Although the study was small, the findings were promising and showed that behavioral activation might be a useful way to treat PTSD.

I found the whole idea to make common sense. Sitting around staring at walls and feeling sorry for oneself, does no good. (I know. I’ve done that in the past. But when you know better, you can do better.)

Visit http://www.about.com for the rest of the article, and many more good ones on PTSD and other health issues. It’s an excellent resource.

“After the War Zone” – A Good Book for Returning Combat Vets and Their Families

By , September 27, 2010 9:22 pm

There are many wonderful books available to help our returning combat vets.

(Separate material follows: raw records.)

Section Votes.
Variables (H : finType) (r : rel H).

Definition vote (a b : H) : int := (r a b)%:Z - (r b a)%:Z.

Lemma voteN a b : vote b a = - vote a b.
Proof. by rewrite /vote opprB. Qed.

Lemma vote_refl a : vote a a = 0.
Proof. by rewrite /vote subrr. Qed.

Hypothesis r_slo : strict_linear_order r.

Lemma slo_ltNge a b : r a b = ~~ (r b a || (b == a)).
Proof.
have [irr [trans total]] := r_slo.
have [<-|ab] := eqVneq a b; first by rewrite irr.
rewrite orbF.
case rab: (r a b); last by move: (total _ _ ab); rewrite rab => /= ->.
by apply/esym/negP => rba; move: (trans _ _ _ rab rba); rewrite irr.
Qed.

Lemma slo_flip a b : a != b -> r b a = ~~ r a b.
Proof. by move=> ab; rewrite (slo_ltNge b) (negbTE ab) orbF. Qed.

Lemma vote_pm1 a b : a != b -> `|vote a b| = 1.
Proof. by move=> ab; rewrite /vote (slo_flip ab); case: (r a b). Qed.

Lemma vote_cycle a b c : a != b -> b != c -> c != a ->
  `|vote a b + vote b c + vote c a| = 1.
Proof.
move=> ab bc ca; have [_ [trans _]] := r_slo.
rewrite /vote (slo_flip ab) (slo_flip bc) (slo_flip ca).
case rab: (r a b); case rbc: (r b c); case rca: (r c a) => //.
- by move: (trans _ _ _ rab rbc); rewrite (slo_flip ca) rca.
- by move: (trans b c a); rewrite (slo_flip bc) (slo_flip ab) rbc rab rca => /(_ isT isT).
Qed.

Lemma weak_total a b : (r a b || (a == b)) || (r b a || (b == a)).
Proof. by rewrite slo_ltNge; case: (r b a || (b == a)); rewrite ?orbT. Qed.

Lemma weak_antisym a b : (r a b || (a == b)) && (r b a || (b == a)) = (a == b).
Proof.
have [<-|ab] := eqVneq a b; first by rewrite !orbT.
by rewrite !orbF (slo_flip ab) andbN.
Qed.

End Votes.

Section Assignments.
Variables (n : nat) (H : finType).
Implicit Types (mu : assignment n H) (x y : 'I_n).

Lemma asg_inj mu : injective (asg mu).
Proof. exact/injectiveP/(valP mu). Qed.

Lemma relabel_subproof mu (s : {perm 'I_n}) : injectiveb [ffun x => asg mu (s x)].
Proof.
by apply/injectiveP => x y; rewrite !ffunE => /asg_inj/perm_inj.
Qed.

Definition relabel mu (s : {perm 'I_n}) : assignment n H :=
  exist (fun f : {ffun _} => injectiveb f) _ (relabel_subproof mu s).

Lemma asg_relabel mu s x : asg (relabel mu s) x = asg mu (s x).
Proof. by rewrite /asg ffunE. Qed.

Definition cycle3 (x1 x2 x3 : 'I_n) : {perm 'I_n} := tperm x1 x2 * tperm x1 x3.

Lemma cycle3E x1 x2 x3 : x1 != x2 -> x2 != x3 -> x3 != x1 ->
  [/\ cycle3 x1 x2 x3 x1 = x2, cycle3 x1 x2 x3 x2 = x3 & cycle3 x1 x2 x3 x3 = x1].
Proof.
move=> x12 x23 x31; rewrite !permM tpermL tpermR tpermL.
by rewrite (@tpermD _ x1 x3 x2) ?(@tpermD _ x1 x2 x3) ?tpermR // eq_sym.
Qed.

Hypothesis card_H : #|H| = n.

Lemma asg_bij mu : bijective (asg mu).
Proof. by apply: inj_card_bij (@asg_inj mu) _; rewrite card_ord card_H. Qed.

Lemma asg_onto mu h : exists x, asg mu x = h.
Proof. by have [g _ gK] := asg_bij mu; exists (g h). Qed.

Lemma sum_asg (V : nmodType) (F : H -> V) mu : \sum_x F (asg mu x) = \sum_h F h.
Proof. by rewrite (reindex (asg mu)) //; apply: onW_bij; apply: asg_bij. Qed.

Lemma enum_asg_subproof :
  injectiveb [ffun x : 'I_n => enum_val (cast_ord (esym card_H) x)].
Proof.
by apply/injectiveP => x y; rewrite !ffunE => /enum_val_inj/cast_ord_inj.
Qed.

Definition enum_asg : assignment n H :=
  exist (fun f : {ffun _} => injectiveb f) _ enum_asg_subproof.

Lemma exists_asg_at mu x h : exists nu, asg nu x = h /\
  forall y, y != x -> asg mu y != h -> asg nu y = asg mu y.
Proof.
have [z muz] := asg_onto mu h.
exists (relabel mu (tperm x z)); rewrite asg_relabel tpermL; split=> // y yx.
rewrite asg_relabel -muz => muy.
by rewrite tpermD 1?eq_sym //; apply: contraNneq muy => ->.
Qed.

Lemma exists_asg2 x y a b : x != y -> a != b ->
  exists mu, asg mu x = a /\ asg mu y = b.
Proof.
move=> xy ab; have [mu1 [mu1x _]] := exists_asg_at enum_asg x a.
have [mu2 [mu2y mu2E]] := exists_asg_at mu1 y b.
by exists mu2; rewrite mu2E // mu1x.
Qed.

End Assignments.

Section Margins.
Variables (n : nat) (H : finType) (P : profile n H).
Implicit Types (mu lam : assignment n H) (x y : 'I_n).

Definition margin mu lam : int := #|Nset P mu lam|%:Z - #|Nset P lam mu|%:Z.

Lemma marginN mu lam : margin lam mu = - margin mu lam.
Proof. by rewrite /margin opprB. Qed.

Lemma maj_edgeE mu lam : maj_edge P mu lam = (0 <= margin mu lam).
Proof. by rewrite /maj_edge /margin subr_ge0 lez_nat. Qed.

Lemma marginE mu lam : margin mu lam = \sum_x vote (P x) (asg mu x) (asg lam x).
Proof.
have cardE (A : {set 'I_n}) : #|A|%:Z = \sum_x (x \in A)%:Z.
  by rewrite -sum1_card big_mkcond /= -natz natr_sum; apply: eq_bigr => x _; case: (x \in A).
rewrite /margin !cardE -sumrB; apply: eq_bigr => x _; rewrite !inE /weakly_prefers.
have [->|_] := eqVneq (asg mu x) (asg lam x); last by rewrite !orbF.
by rewrite vote_refl !orbT subrr.
Qed.

Lemma margin_supported (s : seq 'I_n) mu lam : uniq s ->
  (forall x, x \notin s -> asg mu x = asg lam x) ->
  margin mu lam = \sum_(x <- s) vote (P x) (asg mu x) (asg lam x).
Proof.
move=> s_uniq agree; rewrite marginE [RHS]big_uniq // [LHS](bigID (mem s)) /=.
by rewrite [X in _ + X]big1 ?addr0 // => x /agree ->; apply: vote_refl.
Qed.

Lemma margin_tperm mu x y : x != y ->
  margin mu (relabel mu (tperm x y)) =
  vote (P x) (asg mu x) (asg mu y) + vote (P y) (asg mu y) (asg mu x).
Proof.
move=> xy; rewrite (margin_supported (s := [:: x; y])) /=; last first.
- by move=> z; rewrite !inE negb_or asg_relabel => /andP[zx zy]; rewrite tpermD // eq_sym.
- by rewrite inE xy.
by rewrite !big_cons big_nil addr0 !asg_relabel tpermL tpermR.
Qed.

Lemma margin_cycle3 mu x1 x2 x3 : x1 != x2 -> x2 != x3 -> x3 != x1 ->
  margin mu (relabel mu (cycle3 x1 x2 x3)) = vote (P x1) (asg mu x1) (asg mu x2)
    + vote (P x2) (asg mu x2) (asg mu x3) + vote (P x3) (asg mu x3) (asg mu x1).
Proof.
move=> x12 x23 x31; have [c1 c2 c3] := cycle3E x12 x23 x31.
rewrite (margin_supported (s := [:: x1; x2; x3])) /=; last first.
- move=> z; rewrite !inE !negb_or asg_relabel => /and3P[z1 z2 z3].
  by rewrite !permM !tpermD // eq_sym.
- by rewrite !inE negb_or x12 x23 eq_sym x31.
by rewrite !big_cons big_nil addr0 !asg_relabel c1 c2 c3 addrA.
Qed.

Hypothesis vP : valid_profile P.

Lemma Nset_cardD mu lam :
  (#|Nset P mu lam| + #|Nset P lam mu| = n + #|[set x | asg mu x == asg lam x]|)%N.
Proof.
rewrite -cardsUI; have -> : Nset P mu lam :|: Nset P lam mu = setT.
  by apply/setP => x; rewrite !inE /weakly_prefers (weak_total (vP x)).
have -> : Nset P mu lam :&: Nset P lam mu = [set x | asg mu x == asg lam x].
  by apply/setP => x; rewrite !inE /weakly_prefers (weak_antisym (vP x)).
by rewrite cardsT card_ord.
Qed.

Lemma pareto_dominatesE lam mu : pareto_dominates P lam mu <->
  #|Nset P lam mu| = n /\ (#|Nset P mu lam| < n)%N.
Proof.
have setT_card (A : {set 'I_n}) : (A == setT) = (#|A| == n).
  have /= := max_card (mem A); rewrite card_ord => An.
  by rewrite eqEcard subsetT cardsT card_ord eqn_leq An.
have allT (A : {set 'I_n}) : (forall x, x \in A) <-> #|A| = n.
  split=> [allA | /eqP]; last by rewrite -setT_card => /eqP-> x; rewrite inE.
  by apply/eqP; rewrite -setT_card; apply/eqP/setP => x; rewrite allA inE.
have someN (B : {set 'I_n}) : (exists x, x \notin B) <-> (#|B| < n)%N.
  have /= := max_card (mem B); rewrite card_ord ltn_neqAle => ->; rewrite andbT -setT_card.
  split=> [[x]|]; first by apply: contraNneq => ->; rewrite inE.
  by rewrite eqEsubset subsetT /= => /subsetPn[x _ xB]; exists x.
have strictE x : strictly_prefers P x lam mu = (x \notin Nset P mu lam).
  by rewrite inE /strictly_prefers /weakly_prefers -(slo_ltNge (vP x)).
split=> [[allw [x sx]] | [/allT allw /someN[x xB]]].
  by split; [apply/allT => y; rewrite inE | apply/someN; exists x; rewrite -strictE].
by split=> [y|]; [move: (allw y); rewrite inE | exists x; rewrite strictE].
Qed.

Here’s another of my reviews on an outstanding resource:

This review is from: After the War Zone: A Practical Guide for Returning Troops and Their Families (Paperback) by Laurie B. Slone, Ph.D and Matthew J. Friedman, MD, Ph.D.

This important work provides a broad array of information that will help returning soldiers, their loved ones, friends, and community to understand the challenges of reintegration to civilian life.

It provides education and advice for neighbors, coworkers, employers, and service providers who assist returning vets and their families.
Actually, the book is for anyone who wonders what to expect when a service member returns home from a war zone. It shows all of us how to help when the going gets tough (and it will).

For those like me, who were personally affected by the Vietnam War and its aftermath, we know how vital understanding and support is for our latest generation of combat vets and their families.

You’ll find eye-opening facts on p.25, about Operation Enduring Freeedom/Operation Iraqi Freedom.

The authors point out that unlike the Vietnam War, when the draft meant that most Americans were directly affected by the conflict, the modern “all volunteer” military has left participating families feeling a sense of isolation from the rest of society.

Another fact: The top two reasons returning troops seek care at VA Medical Centers are pain from musculoskeletal problems and mental health problems.

This book addresses every aspect of reintegration one can imagine, such as:

  • anticipation of return
  • the post-deployment stage (honeymoon period)
  • special issues for reservists and women soldiers
  • reactions of children
  • problems with PTSD
  • communication problems
  • what it’s like to be a loved one left at home
  •  issues for the extended family, the need for social support
  •  separating myth from reality, finances, relationships, and much more.

The Resource Section alone is worth the price of the book, plus there is an excellent index. Kudos to authors Laurie B. Slone, Ph.D. the Associate Director for Research and Education of the VA National Center for PTSD,and to Matthew J. Friedman, MD, PhD, the Executive Director of the VA National Center for PTSD and a Professor of Psychiatry and Pharmocology at Dartmouth Medical School.
This book is broad in scope, and will change lives for the better. Very highly recommended!